By this immense booty every thing became immensely cheap in the Ottoman camp, so that a horse was sold for one piastre, a girl for five, and a boy for six piastres. The safe return of the Tátár army was celebrated by a triple salute of muskets and guns, and the whole camp illuminated during the night. But winter drawing near, a new council was held, all the seniors of the regular troops and of the Tátárs agreed, and signed unanimously a petition of three hundred signatures of Vezírs, and officers of all ranks, saying: “that for this year it was impossible to take the castle, that one of the Russian Capitals had been laid waste, that seventy thousand Infidels had been taken prisoners, and more than one hundred thousand destroyed by the sword.” At the same time two of the prisoners, who had been instructed accordingly, were sent back into the castle to say; “that if the Turks had intended to take the castle, they might have taken it in a month, but their object was to pillage the Russian countries, and to return with a rich booty, which they had now accomplished.” The same night as the messengers went off to Constantinople there was such a hard frost that all the Moslim warriors thought they could not stand it, and by this specimen found out that the salt steppe of Heihát was as unmerciful as the Black Sea. At last the despair of conquering the castle becoming general, the whole army at once resolved to raise the siege. The trumpets were sounded, the artillery and ammunition embarked and carried to Bálisíra, where the fleet was lying at anchor. The army returned by different ways, some by sea and some by land, to Constantinople; some by the desert of Kipchák in six days and nights to the river Kúbán, to Circassia, Taman and Crimea; some through the steppes (Heihát), returned by the north into their native country Circassia. When the Imperial fleet weighed for Constantinople I got permission, from the Commander-in-Chief Hossein Páshá, to accompany the Khán of Crimea into his country, and the Imperial fleet sailed, trusting in God, through the sea of Assov.

JOURNEY TO THE CRIMEA.

I left Assov in company with the army of Geraï Khán of eighty thousand men, and twenty thousand Infidels of Moldavia and Valachia, and crossed the Tanais with them, which disembogues at the end of the sea of Assov. The water being shallow in the great Don, it was passed by eight hundred thousand horsemen without the least difficulty, the water reaching only to the stirrups. The Tátárs tied their jacks and luggage to the tails of their horses, and in the space of twenty-one hours, the whole army reached the opposite steppes of Heihát.

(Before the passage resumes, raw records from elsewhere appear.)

(* Every financial system with payment priorities (as defined in the context, for any number $P\ge 1$ of priority levels) has at least one solution, i.e. there exists $r\in[0,1]^V$ such that for every bank $v\in V$: $r_v=1$ if $a_v(r)\ge l_v(r)$, and $r_v=a_v(r)/l_v(r)$ if $a_v(r)<l_v(r)$.
   Context: A financial system with payment priorities consists of: a finite set $V$ of banks; external assets $e_v\ge 0$ for each $v\in V$; a number $P\ge 1$ of priority levels; and a finite set of contracts, each of which is either a debt contract from a debtor $u$ to a creditor $v\neq u$ with weight $c>0$, or a credit default swap (CDS) from a debtor $u$ to a creditor $v\neq u$ in reference to a bank $w\notin\{u,v\}$ (the reference entity) with weight $c>0$. Every contract has a priority in $\{1,\dots,P\}$ (1 is the highest priority). It is assumed that every bank that is the reference entity of some CDS is the debtor of at least one debt contract of positive weight. Given a recovery rate vector $r\in[0,1]^V$: the liability of a contract $k$ is $l_k(r)=c$ if $k$ is a debt of weight $c$, and $l_k(r)=c\,(1-r_w)$ if $k$ is a CDS of weight $c$ in reference to $w$. For a bank $v$, $l_v(r)$ is the sum of the liabilities of the contracts with debtor $v$; $l_v^{(\rho)}(r)$ is the sum of the liabilities of contracts with debtor $v$ and priority $\rho$; and $l_v^{(\le\rho)}(r)=\sum_{i=1}^{\rho}l_v^{(i)}(r)$ (with $l_v^{(\le 0)}=0$). The payment on a contract $k$ with debtor $v$ and priority $\rho$ is $p_k(r)=l_k(r)\cdot\min\{1,\max\{0,(r_v l_v(r)-l_v^{(\le\rho-1)}(r))/l_v^{(\rho)}(r)\}\}$ (and $p_k(r)=0$ if $l_v^{(\rho)}(r)=0$); i.e. the amount $r_v l_v(r)$ paid out by $v$ covers liabilities level by level in order of priority, proportionally to liabilities within a level. The assets of $v$ are $a_v(r)=e_v+\sum_k p_k(r)$, summing over contracts $k$ with creditor $v$. A vector $r\in[0,1]^V$ is a solution (clearing vector) if for every $v\in V$: $r_v=1$ when $a_v(r)\ge l_v(r)$, and $r_v=a_v(r)/l_v(r)$ when $a_v(r)<l_v(r)$. The payoff of $v$ is $q_v(r)=\max\{a_v(r)-l_v(r),0\}$. When $P=1$, payments reduce to $p_k(r)=r_v\,l_k(r)$ (principle of proportionality); this is called the base model. *)

From Stdlib Require Import Reals Lra Lia List Arith.
Open Scope R_scope.

(* Banks are the natural numbers 0 .. n-1 (a finite set V of size n).
   Priority levels are 1 .. P (1 = highest priority). *)

Inductive contract_kind : Type :=
  | Debt : contract_kind
  | CDS : nat -> contract_kind.   (* CDS in reference to bank w *)

Record contract : Type := mkContract {
  kind : contract_kind;
  debtor : nat;
  creditor : nat;
  weight : R;
  prio : nat
}.

(* A financial system with payment priorities. The finite set of contracts
   is given as a list (distinct list entries are distinct contracts). *)
Record system : Type := mkSystem {
  nbanks : nat;
  ext : nat -> R;
  nprio : nat;
  contracts : list contract
}.

Definition well_formed (FS : system) : Prop :=
  (1 <= nprio FS)%nat /\
  (forall v, (v < nbanks FS)%nat -> 0 <= ext FS v) /\
  (forall k, In k (contracts FS) ->
     (debtor k < nbanks FS)%nat /\ (creditor k < nbanks FS)%nat /\
     debtor k <> creditor k /\ 0 < weight k /\
     (1 <= prio k <= nprio FS)%nat /\
     (forall w, kind k = CDS w ->
        (w < nbanks FS)%nat /\ w <> debtor k /\ w <> creditor k)) /\
  (forall k w, In k (contracts FS) -> kind k = CDS w ->
     exists k', In k' (contracts FS) /\ kind k' = Debt /\ debtor k' = w /\
                0 < weight k').

Definition sumR {A : Type} (f : A -> R) (l : list A) : R :=
  fold_right (fun x acc => f x + acc) 0 l.

Definition liab (r : nat -> R) (k : contract) : R :=
  match kind k with
  | Debt => weight k
  | CDS w => weight k * (1 - r w)
  end.

Definition liab_bank (FS : system) (r : nat -> R) (v : nat) : R :=
  sumR (liab r) (filter (fun k => Nat.eqb (debtor k) v) (contracts FS)).

Definition liab_prio (FS : system) (r : nat -> R) (v rho : nat) : R :=
  sumR (liab r)
    (filter (fun k => andb (Nat.eqb (debtor k) v) (Nat.eqb (prio k) rho)) (contracts FS)).

Fixpoint liab_le (FS : system) (r : nat -> R) (v rho : nat) : R :=
  match rho with
  | O => 0
  | Datatypes.S rho' => liab_le FS r v rho' + liab_prio FS r v (Datatypes.S rho')
  end.

Definition payment (FS : system) (r : nat -> R) (k : contract) : R :=
  let v := debtor k in
  let rho := prio k in
  if Req_EM_T (liab_prio FS r v rho) 0 then 0
  else liab r k *
       Rmin 1 (Rmax 0 ((r v * liab_bank FS r v - liab_le FS r v (rho - 1))
                       / liab_prio FS r v rho)).

Definition assets (FS : system) (r : nat -> R) (v : nat) : R :=
  ext FS v + sumR (payment FS r)
                 (filter (fun k => Nat.eqb (creditor k) v) (contracts FS)).

Definition is_solution (FS : system) (r : nat -> R) : Prop :=
  forall v, (v < nbanks FS)%nat ->
    0 <= r v <= 1 /\
    (assets FS r v >= liab_bank FS r v -> r v = 1) /\
    (assets FS r v < liab_bank FS r v -> r v = assets FS r v / liab_bank FS r v).

(* A clearing vector comes from a fixed point of a continuous self-map of the cube
   [0,1]^n ([clearing_map]), which exists by Brouwer's theorem. Brouwer's theorem is
   derived from Sperner's lemma on the Kuhn triangulation of the grid [0..m]^N: a
   Sperner labelling read off from [F] yields a small simplex whose vertices witness,
   coordinate by coordinate, both [x_i <= F x_i] and [F x_i <= x_i]; this gives
   approximate fixed points, and compactness of the cube turns them into a fixed point.
   Sperner's lemma goes by induction on N: the number of fully labelled simplices has
   the parity of the number of doors (facets labelled exactly [0..N-1]); [flip] pairs
   up the doors inside the grid, and the remaining ones are the fully labelled
   simplices of the face [g_N = m]. *)

From Stdlib Require Import Reals Lra List ClassicalEpsilon Classical.
From Coquelicot Require Compactness.
From mathcomp Require Import ssreflect ssrfun ssrbool eqtype ssrnat seq zify.

Set Implicit Arguments.
Unset Strict Implicit.
Local Close Scope R_scope.

Lemma even_count_unfixed_involution (T : eqType) (f : T -> T) (P : pred T) (l : seq T) :
  uniq l -> {in l, forall x, f x \in l} -> {in l, involutive f} ->
  {in l, forall x, P (f x) = P x} ->
  ~~ odd (count (fun x => P x && (f x != x)) l).
Proof.
move=> ul fl ffl Pf; rewrite -size_filter.
set l' := filter _ l.
have ul' : uniq l' by rewrite filter_uniq.
have fl' : {in l', forall x, f x \in l'}.
  move=> x; rewrite !mem_filter => /andP[/andP[Px fx] xl].
  by rewrite Pf // Px /= ffl // fl // andbT eq_sym.
have ffl' : {in l', involutive f} by move=> x; rewrite mem_filter => /andP[_ /ffl].
have nfix : {in l', forall x, f x != x} by move=> x; rewrite mem_filter => /andP[/andP[_ ->]].
clearbody l'; clear -ul' fl' ffl' nfix.
elim: {l'}_.+1 {-2}l' (ltnSn (size l')) ul' fl' ffl' nfix => // n IH [//|x t] /= szt.
case/andP=> xt ut fl' ffl' nfix.
have fxt : f x \in t.
  have := fl' x (mem_head _ _); rewrite inE => /orP[/eqP e|//].
  by have := nfix x (mem_head _ _); rewrite e eqxx.
rewrite negbK (perm_size (perm_to_rem fxt)) /=.
suff : ~~ odd (size (rem (f x) t)) by case: odd.
have remE := rem_filter (f x) ut.
have tS y : y \in rem (f x) t -> y \in x :: t.
  by rewrite remE mem_filter inE => /andP[_ ->]; rewrite orbT.
apply: IH; first by move: szt; rewrite (perm_size (perm_to_rem fxt)) /=; lia.
- exact: rem_uniq.
- move=> y yr; have := fl' y (tS y yr); rewrite inE => /orP[/eqP e|fyt].
    by move: (yr); rewrite remE mem_filter -e (ffl' y (tS y yr)) /= eqxx.
  rewrite remE mem_filter fyt andbT /=; apply: contraNneq xt => /(congr1 f).
  by rewrite (ffl' y (tS y yr)) (ffl' x (mem_head _ _)) => <-; apply: mem_rem yr.
- by move=> y /tS; apply: ffl'.
- by move=> y /tS; apply: nfix.
Qed.

Lemma perm_iota_map_bij (t u : nat -> nat) N p :
  (forall q, q < N -> t q < N) -> (forall q, q < N -> u q < N) ->
  (forall q, q < N -> u (t q) = q) -> (forall q, q < N -> t (u q) = q) ->
  perm_eq p (iota 0 N) -> perm_eq (map t p) (iota 0 N).
Proof.
move=> tN uN tu ut pP; apply: perm_trans (perm_map t pP) _.
apply: uniq_perm; rewrite ?iota_uniq //.
  rewrite map_inj_in_uniq ?iota_uniq // => x y.
  rewrite !mem_iota /= !add0n => xN yN txy.
  by rewrite -(tu x xN) txy tu.
move=> x; rewrite mem_iota add0n /=; apply/mapP/idP.
  by case=> y; rewrite mem_iota add0n /= => /tN yN ->.
by move=> xN; exists (u x); rewrite ?mem_iota ?add0n ?uN ?ut.
Qed.

Lemma odd_sumn s : odd (sumn s) = odd (count odd s).
Proof. by elim: s => //= x s IH; rewrite oddD IH; case: (odd x). Qed.

Lemma iotaS_rcons N : iota 0 N.+1 = rcons (iota 0 N) N.
Proof. by rewrite -addn1 iotaD add0n /= cats1. Qed.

At the station of Búrebaí, opposite to the western side of Assov, a branch of the Don flows in its way to the sea of Assov, where it disembogues in three different channels; as it runs through reeds for a great distance, it is not very sweet: the complexion of the inhabitants on its shores is yellow, and they have a kind of excrescence or crop on the neck. The whole army halted here, as on a pleasant flowery meadow, and three hundred horses were slaughtered and eaten up that evening. It was here that I ate horseflesh for the first time. Though I belonged to the Tátár Khán, yet I lived with Kiá Beg of the tribe of Mássúrlí, who have their Yúrds (encampments) in Crimea; the district of Mankis Eli on the side of Gozlava is their Yúrd. Their horses are extremely fat, and their flesh can hardly be distinguished from roes’ flesh, and is easy to digest. Next morning the kettle-drums beat, and after a march of nine hours we arrived at the river Sud, which the whole army crossed, and halted on the other side, but the ground being extremely marshy, one hundred horses and fifty slaves were lost in the marshes. This river issues from the western mountains of Russia and here enters the sea of Assov. The name Sud or milk-river is derived from its whitish colour, which it contracts from the different metallic strata over which it passes in its course. It is not good for drinking, and causes crops or swellings on the necks of those who drink of it. There are seventy cultivated towns and villages on both sides of this river, but they are not very flourishing on account of the depredations of the Crimea Tátárs. These places all belong to the Russians.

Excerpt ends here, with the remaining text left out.